Saved entries
(* If mu * lam >= 1, the elements (a - lam b)^+ and (b - mu a)^+ are disjoint
   (a, b >= 0): the second lies below lam^-1 (a - lam b)^-. *)
Lemma ppart_sub_disjoint a b (lam mu : R) : le 0 a -> le 0 b -> 0 < lam -> 0 < mu ->
  1 <= lam * mu -> meet (ppart (a - lam *: b)) (ppart (b - mu *: a)) = 0.
Proof.
move=> ha hb l0 m0 lm1.
have li : 0 < lam^-1 by rewrite invr_gt0.
have h1 : le (ppart (b - mu *: a)) (lam^-1 *: npart (a - lam *: b)).
  rewrite /npart -[X in jn _ X](scaler0 _ lam^-1) -join_scale //.
  apply: join_mono; last by rewrite !scaler0; apply: lat_refl.
  rewrite opprB scalerBr scalerA mulVf ?gt_eqF // scale1r.
  apply/lat_addl/lat_opp/lat_ge0_subr; rewrite -scalerBl.
  apply: lat_scale_ge0 => //; rewrite subr_ge0 -(@ler_pM2l _ lam) // mulfV ?gt_eqF //.
apply: lat_anti; last by apply: meet_ge0; apply: ppart_ge0.
apply: lat_trans (meet_mono (lat_refl _) h1) _.
rewrite -[X in meet X _]scale1r meet_scale_eq0 //; first exact: lat_refl.
- exact: ppart_ge0.
- exact: npart_ge0.
- exact: meet_ppart_npart.
Qed.

(* Archimedean property: if all multiples (k+1) z lie below h, then z <= 0,
   since the norm of z^+ is at most |h|/(k+1) for every k. *)
Lemma archimedean_le0 z h : le 0 h -> (forall k : nat, le (z *+ k.+1) h) -> le z 0.
Proof.
move=> h0 zk; suff : ppart z = 0 by move=> <-; apply: lat_joinl.
apply/eqP; rewrite -normr_eq0; apply/eqP/(@le_inv_succ_eq0 _ _ `|h|) => // k.
have kp : 0 < (k.+1%:R : R)^-1 by rewrite invr_gt0 ltr0Sn.
have : le (ppart z) ((k.+1%:R : R)^-1 *: h).
  apply: lat_join_lub; last exact: lat_scale_ge0 (ltW kp) h0.
  have := lat_scale (ltW kp) (zk k).
  by rewrite -[z *+ _]scaler_nat scalerA mulVf ?scale1r.
move/(norm_mono (ppart_ge0 _)); rewrite normrZ gtr0_norm // mulrC.
by [].
Qed.

(* The partial sums s_n = x_0 + ... + x_(n-1) increase below h;
   the gaps y - s_n, for y an upper bound of (s_m) below h, form a net that
   decreases to 0 in order, hence to 0 in norm, and x_n = gap_n - gap_(n+1). *)
Section DisjointDominated.
Variables (x : nat -> F) (h : F).
Hypotheses (h0 : le 0 h) (x0 : forall n, le 0 (x n)) (xh : forall n, le (x n) h)
  (xdisj : forall n m, n <> m -> meet (x n) (x m) = 0).

Local Definition psum n := \sum_(k < n) x k.

Lemma psumS n : psum n.+1 = psum n + x n. Proof. by rewrite /psum big_ord_recr. Qed.
Lemma psum0 : psum 0 = 0. Proof. by rewrite /psum big_ord0. Qed.

Lemma psum_ge0 n : le 0 (psum n).
Proof.
elim: n => [|n IH]; first by rewrite psum0; apply: lat_refl.
by rewrite psumS; apply: lat_add_ge0.
Qed.

Lemma psum_mono n m : (n <= m)%N -> le (psum n) (psum m).
Proof.
move/subnK => <-; elim: (m - n)%N => [|k IH]; first by rewrite add0n; apply: lat_refl.
by rewrite addSn psumS; apply: lat_trans IH _; apply: lat_addr_ge0.
Qed.

Lemma psum_meet_eq0 n m : (n <= m)%N -> meet (psum n) (x m) = 0.
Proof.
elim: n => [|n IH] hnm.
  by rewrite psum0; apply: lat_anti; [apply: meetl|apply: meet_ge0; [apply: lat_refl|]].
rewrite psumS; apply: meet_addl_eq0 => //; first exact: psum_ge0.
  exact/IH/ltnW.
by apply: xdisj => e; move: hnm; rewrite e ltnn.
Qed.

(* Being disjoint, the partial sums are joins of terms below h. *)
Lemma psum_le n : le (psum n) h.
Proof.
elim: n => [|n IH]; first by rewrite psum0.
by rewrite psumS join_add_meet psum_meet_eq0 // addr0; apply: lat_join_lub.
Qed.

Local Definition upper_index :=
  {p : F * nat | (forall m, le (psum m) p.1) /\ le p.1 h}.
Local Definition upper_le (p q : upper_index) :=
  le (sval q).1 (sval p).1 /\ ((sval p).2 <= (sval q).2)%N.
Local Definition gap (p : upper_index) := (sval p).1 - psum (sval p).2.

Lemma upper_index_directed : directed upper_le.
Proof.
split.
- by constructor; exists (h, 0%N); split => /=; [apply: psum_le|apply: lat_refl].
- by move=> i; split; [apply: lat_refl|].
- by move=> i j k [h1 h2] [h3 h4]; split; [apply: lat_trans h3 h1|apply: leq_trans h4].
- move=> [[y n] [yu yh]] [[y' n'] [yu' yh']].
  have P : (forall m, le (psum m) (meet y y')) /\ le (meet y y') h.
    by split; [move=> m; apply: meet_glb|apply: lat_trans (meetl _ _) yh].
  exists (exist _ (meet y y', maxn n n') P); split; split => /=;
    by [apply: meetl|apply: leq_maxl|apply: meetr|apply: leq_maxr].
Qed.

Lemma gap_bounds i : le 0 (gap i) /\ le (gap i) (mod h).
Proof.
case: i => [[y n] [yu yh]]; rewrite /gap /=; split; first exact: lat_subr_ge0.
rewrite mod_id //; apply: lat_trans yh.
by have := lat_addl y (lat_opp (psum_ge0 n)); rewrite oppr0 addr0.
Qed.

Lemma gap_decr i j : upper_le i j -> le (gap j) (gap i).
Proof.
case: i j => [[y n] ?] [[y' n'] ?] [/= h1 h2]; rewrite /gap /=.
exact/(lat_add2 h1)/lat_opp/psum_mono.
Qed.

(* A lower bound z of all gaps can be subtracted from any upper bound y of
   the partial sums; iterating, (k+1) z lies below every gap. *)
Lemma gap_lower_bound_multiples z : (forall i, le z (gap i)) ->
  forall k i, le (z *+ k.+1) (gap i).
Proof.
move=> hz; elim=> [|k IH]; first by move=> i; rewrite mulr1n.
move=> [[y n] [yu yh]]; rewrite /gap /=.
have yz : forall m, le (psum m) (y - z).
  move=> m; have := hz (exist _ (y, m) (conj yu yh)); rewrite /gap /= => hm.
  by have := lat_addr (psum m - z) hm; rewrite addrCA subrr addr0 addrA subrK.
have P : (forall m, le (psum m) (meet (y - z) h)) /\ le (meet (y - z) h) h.
  by split; [move=> m; apply: meet_glb; [apply: yz|apply: psum_le]|apply: meetr].
have := IH (exist _ (meet (y - z) h, n) P); rewrite /gap /= => hk.
have hk2 : le (z *+ k.+1) (y - z - psum n) by apply: lat_trans hk _; apply/lat_addr/meetl.
by have := lat_addl z hk2; rewrite -mulrS addrA addrCA subrr addr0.
Qed.

Lemma gap_inf z : (forall i, le z (gap i)) -> le z 0.
Proof.
move=> hz; apply: (archimedean_le0 h0) => k.
have := gap_lower_bound_multiples hz k (exist _ (h, 0%N) (conj psum_le (lat_refl h))).
by rewrite /gap /= psum0 subr0.
Qed.

Lemma disjoint_dominated_null : order_continuous_elt le jn h ->
  forall eps : R, 0 < eps -> exists N, forall n, (N <= n)%N -> `|x n| < eps.
Proof.
move=> hoc eps e0.
have hnet := hoc _ _ _ upper_index_directed gap_bounds gap_decr gap_inf.
have [[[y0 n0] [yu yh]] Hi0] := hnet _ (divr_gt0 e0 (ltr0Sn _ 1)).
exists n0 => n hn.
have hq m : (n0 <= m)%N -> `|y0 - psum m| < eps / 2.
  move=> hm; have := Hi0 (exist _ (y0, m) (conj yu yh)).
  by rewrite /gap /= normr_id; apply; split => //=; apply: lat_refl.
have -> : x n = (y0 - psum n) - (y0 - psum n.+1).
  by rewrite psumS opprB addrC addrA subrK [psum n + _]addrC addrK.
apply: le_lt_trans (ler_normB _ _) _.
by rewrite (splitr eps) ltrD // hq // leqW.
Qed.
End DisjointDominated.

(* The positive cone is closed: a limit of eventually positive elements is
   positive, because l^- <= |x_n - l| once x_n >= 0. *)
Lemma positive_closed (x : nat -> F) l N : x @ \oo --> l ->
  (forall n, (N <= n)%N -> le 0 (x n)) -> le 0 l.
Proof.
move=> hx hN.
suff hn : npart l = 0.
  by apply: lat_oppK; rewrite oppr0 -hn; apply: lat_joinl.
apply/eqP; rewrite -normr_eq0; apply/negPn/negP => hne.
have e0 : 0 < `|npart l| by rewrite lt0r hne normr_ge0.
move: (hx) => /cvgrPdist_lt /(_ _ e0) [n0 _ hn0].
set n := maxn n0 N.
have h1 : `|l - x n| < `|npart l| by apply: (hn0 n); rewrite /= leq_maxl.
have h2 : le (npart l) (mod (x n - l)).
  apply: lat_trans (ppart_le_mod _); apply: ppart_mono.
  by rewrite addrC; apply: lat_addr_ge0; apply: hN; apply: leq_maxr.
have := norm_mono (npart_ge0 l) h2; rewrite norm_mod distrC => h3.
by move: h1; rewrite ltNge h3.
Qed.
End VectorLattice.

Section StronglyToStrictly.
Variables (R : realType) (F : normedModType R) (le : F -> F -> Prop) (jn : F -> F -> F).
Hypothesis HF : is_normed_lattice le jn.
Local Notation meet := (lmeet jn).
Local Notation mod := (labs jn).

Lemma disjoint_eventually_small (g : nat -> F) (H : seq F) (eps : R) :
  disjoint_seq jn g -> 0 < eps -> exists N, forall n, (N <= n)%N ->
    forall h, h \in H -> positive le h -> order_continuous_elt le jn h ->
    `|meet (mod (g n)) h| < eps.
Proof.
move=> gdisj e0; elim: H => [|h H [N hN]]; first by exists 0%N.
have [[hp hoc]|hno] := pselect (positive le h /\ order_continuous_elt le jn h); last first.
  exists N => n hn h'; rewrite in_cons => /orP [/eqP -> hp hoc|]; last exact: hN.
  by exfalso; apply: hno.
have x0 n : le 0 (meet (mod (g n)) h) by apply: (meet_ge0 HF) => //; apply: (mod_ge0 HF).
have xh n : le (meet (mod (g n)) h) h by apply: (meetr HF).
have xdisj n n' : n <> n' -> meet (meet (mod (g n)) h) (meet (mod (g n')) h) = 0.
  move=> nn; apply: (lat_anti HF); last exact: (meet_ge0 HF).
  by rewrite -(gdisj n n' nn); apply: (meet_mono HF); apply: (meetl HF).
have [N1 hN1] := disjoint_dominated_null HF hp x0 xh xdisj hoc e0.
exists (maxn N N1) => n hn h'; rewrite in_cons => /orP [/eqP -> _ _|].
  by apply: hN1; apply: leq_trans hn; apply: leq_maxr.
by apply: hN; apply: leq_trans hn; apply: leq_maxl.
Qed.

Task details
The word to find is "maxn". Copy every line of the data that holds it.

Response
  exists (exist _ (meet y y', maxn n n') P); split; split => /=;
set n := maxn n0 N.
exists (maxn N N1) => n hn h'; rewrite in_cons => /orP [/eqP -> _ _|].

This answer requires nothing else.